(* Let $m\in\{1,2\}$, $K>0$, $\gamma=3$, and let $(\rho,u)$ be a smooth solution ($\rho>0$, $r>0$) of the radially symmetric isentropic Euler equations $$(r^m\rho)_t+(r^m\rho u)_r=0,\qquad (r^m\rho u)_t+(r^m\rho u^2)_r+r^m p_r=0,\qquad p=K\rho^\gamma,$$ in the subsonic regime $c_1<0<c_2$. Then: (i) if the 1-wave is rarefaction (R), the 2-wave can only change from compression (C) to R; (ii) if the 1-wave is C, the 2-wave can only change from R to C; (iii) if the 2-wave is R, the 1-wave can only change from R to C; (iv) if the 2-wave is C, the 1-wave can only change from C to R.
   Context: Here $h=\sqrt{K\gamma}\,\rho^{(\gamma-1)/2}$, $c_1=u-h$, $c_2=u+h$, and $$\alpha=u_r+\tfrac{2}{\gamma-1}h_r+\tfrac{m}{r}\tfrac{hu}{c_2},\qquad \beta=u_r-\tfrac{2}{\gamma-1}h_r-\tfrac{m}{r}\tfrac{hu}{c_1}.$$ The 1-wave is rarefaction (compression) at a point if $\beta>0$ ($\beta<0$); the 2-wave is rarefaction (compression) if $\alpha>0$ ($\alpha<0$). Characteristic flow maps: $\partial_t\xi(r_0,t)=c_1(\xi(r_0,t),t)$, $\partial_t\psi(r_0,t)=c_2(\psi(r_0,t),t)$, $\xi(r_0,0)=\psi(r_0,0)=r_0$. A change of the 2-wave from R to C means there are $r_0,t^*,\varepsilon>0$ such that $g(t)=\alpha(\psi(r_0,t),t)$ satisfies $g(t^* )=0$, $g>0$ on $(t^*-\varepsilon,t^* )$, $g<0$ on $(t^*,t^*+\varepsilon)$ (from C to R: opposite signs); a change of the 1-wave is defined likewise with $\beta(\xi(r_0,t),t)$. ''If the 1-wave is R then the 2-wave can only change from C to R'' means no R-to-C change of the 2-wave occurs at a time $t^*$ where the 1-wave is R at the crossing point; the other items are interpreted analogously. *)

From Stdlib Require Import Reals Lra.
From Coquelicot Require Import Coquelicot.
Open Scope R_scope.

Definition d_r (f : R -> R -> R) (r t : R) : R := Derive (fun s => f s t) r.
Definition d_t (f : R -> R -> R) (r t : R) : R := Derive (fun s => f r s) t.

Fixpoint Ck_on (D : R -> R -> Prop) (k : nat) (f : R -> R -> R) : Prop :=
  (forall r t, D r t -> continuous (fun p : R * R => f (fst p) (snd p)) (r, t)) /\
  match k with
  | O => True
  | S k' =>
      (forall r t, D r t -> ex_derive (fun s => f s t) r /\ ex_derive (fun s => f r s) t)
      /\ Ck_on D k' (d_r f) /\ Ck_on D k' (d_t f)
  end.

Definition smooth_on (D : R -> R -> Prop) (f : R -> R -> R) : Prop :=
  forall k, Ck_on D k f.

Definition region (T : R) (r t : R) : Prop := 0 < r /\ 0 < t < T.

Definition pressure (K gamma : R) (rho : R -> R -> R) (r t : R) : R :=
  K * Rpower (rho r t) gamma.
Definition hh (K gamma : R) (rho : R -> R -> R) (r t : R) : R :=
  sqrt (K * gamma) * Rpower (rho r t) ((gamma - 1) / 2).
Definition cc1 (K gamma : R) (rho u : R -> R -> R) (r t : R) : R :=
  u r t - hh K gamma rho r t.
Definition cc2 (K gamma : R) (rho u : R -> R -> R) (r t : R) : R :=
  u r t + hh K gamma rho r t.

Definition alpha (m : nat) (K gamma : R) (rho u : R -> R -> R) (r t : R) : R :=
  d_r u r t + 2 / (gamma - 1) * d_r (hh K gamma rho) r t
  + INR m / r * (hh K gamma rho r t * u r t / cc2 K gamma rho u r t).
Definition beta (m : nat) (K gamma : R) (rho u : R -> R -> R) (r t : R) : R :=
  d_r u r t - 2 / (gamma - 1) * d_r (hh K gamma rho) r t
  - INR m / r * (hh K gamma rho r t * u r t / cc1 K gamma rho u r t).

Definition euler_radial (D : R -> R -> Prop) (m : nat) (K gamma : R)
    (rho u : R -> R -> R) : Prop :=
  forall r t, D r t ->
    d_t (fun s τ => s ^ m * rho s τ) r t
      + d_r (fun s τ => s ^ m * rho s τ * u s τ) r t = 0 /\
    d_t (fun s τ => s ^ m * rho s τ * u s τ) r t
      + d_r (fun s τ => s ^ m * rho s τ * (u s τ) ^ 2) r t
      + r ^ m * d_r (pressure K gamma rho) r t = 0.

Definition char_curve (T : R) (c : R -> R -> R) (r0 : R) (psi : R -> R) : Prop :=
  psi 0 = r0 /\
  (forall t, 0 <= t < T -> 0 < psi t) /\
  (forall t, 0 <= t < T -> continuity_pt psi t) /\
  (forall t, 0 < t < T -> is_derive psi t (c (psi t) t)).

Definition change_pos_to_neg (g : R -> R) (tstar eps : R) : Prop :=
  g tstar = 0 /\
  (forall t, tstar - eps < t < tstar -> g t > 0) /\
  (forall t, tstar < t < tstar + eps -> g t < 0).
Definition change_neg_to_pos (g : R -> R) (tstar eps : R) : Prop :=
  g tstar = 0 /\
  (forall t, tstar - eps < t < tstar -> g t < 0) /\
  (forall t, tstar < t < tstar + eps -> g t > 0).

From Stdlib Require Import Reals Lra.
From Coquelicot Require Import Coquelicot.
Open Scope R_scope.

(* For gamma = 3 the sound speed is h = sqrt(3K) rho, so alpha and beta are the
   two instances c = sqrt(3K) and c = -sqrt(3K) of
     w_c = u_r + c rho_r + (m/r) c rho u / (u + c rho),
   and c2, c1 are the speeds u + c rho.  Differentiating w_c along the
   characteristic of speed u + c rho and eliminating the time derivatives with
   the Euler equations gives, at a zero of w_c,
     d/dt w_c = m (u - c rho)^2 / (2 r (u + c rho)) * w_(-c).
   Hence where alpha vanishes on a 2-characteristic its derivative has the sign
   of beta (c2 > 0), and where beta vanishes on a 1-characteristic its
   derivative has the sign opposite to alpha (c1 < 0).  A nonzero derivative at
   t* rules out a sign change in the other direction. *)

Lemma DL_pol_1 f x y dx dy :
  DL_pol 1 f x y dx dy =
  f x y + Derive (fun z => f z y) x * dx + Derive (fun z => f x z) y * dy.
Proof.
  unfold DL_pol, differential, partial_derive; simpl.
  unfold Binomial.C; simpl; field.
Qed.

+++++

What is expected: Where does the word "vanishes" occur in the records? Return every line that holds it.

Problem solution:
   Hence where alpha vanishes on a 2-characteristic its derivative has the sign
   of beta (c2 > 0), and where beta vanishes on a 1-characteristic its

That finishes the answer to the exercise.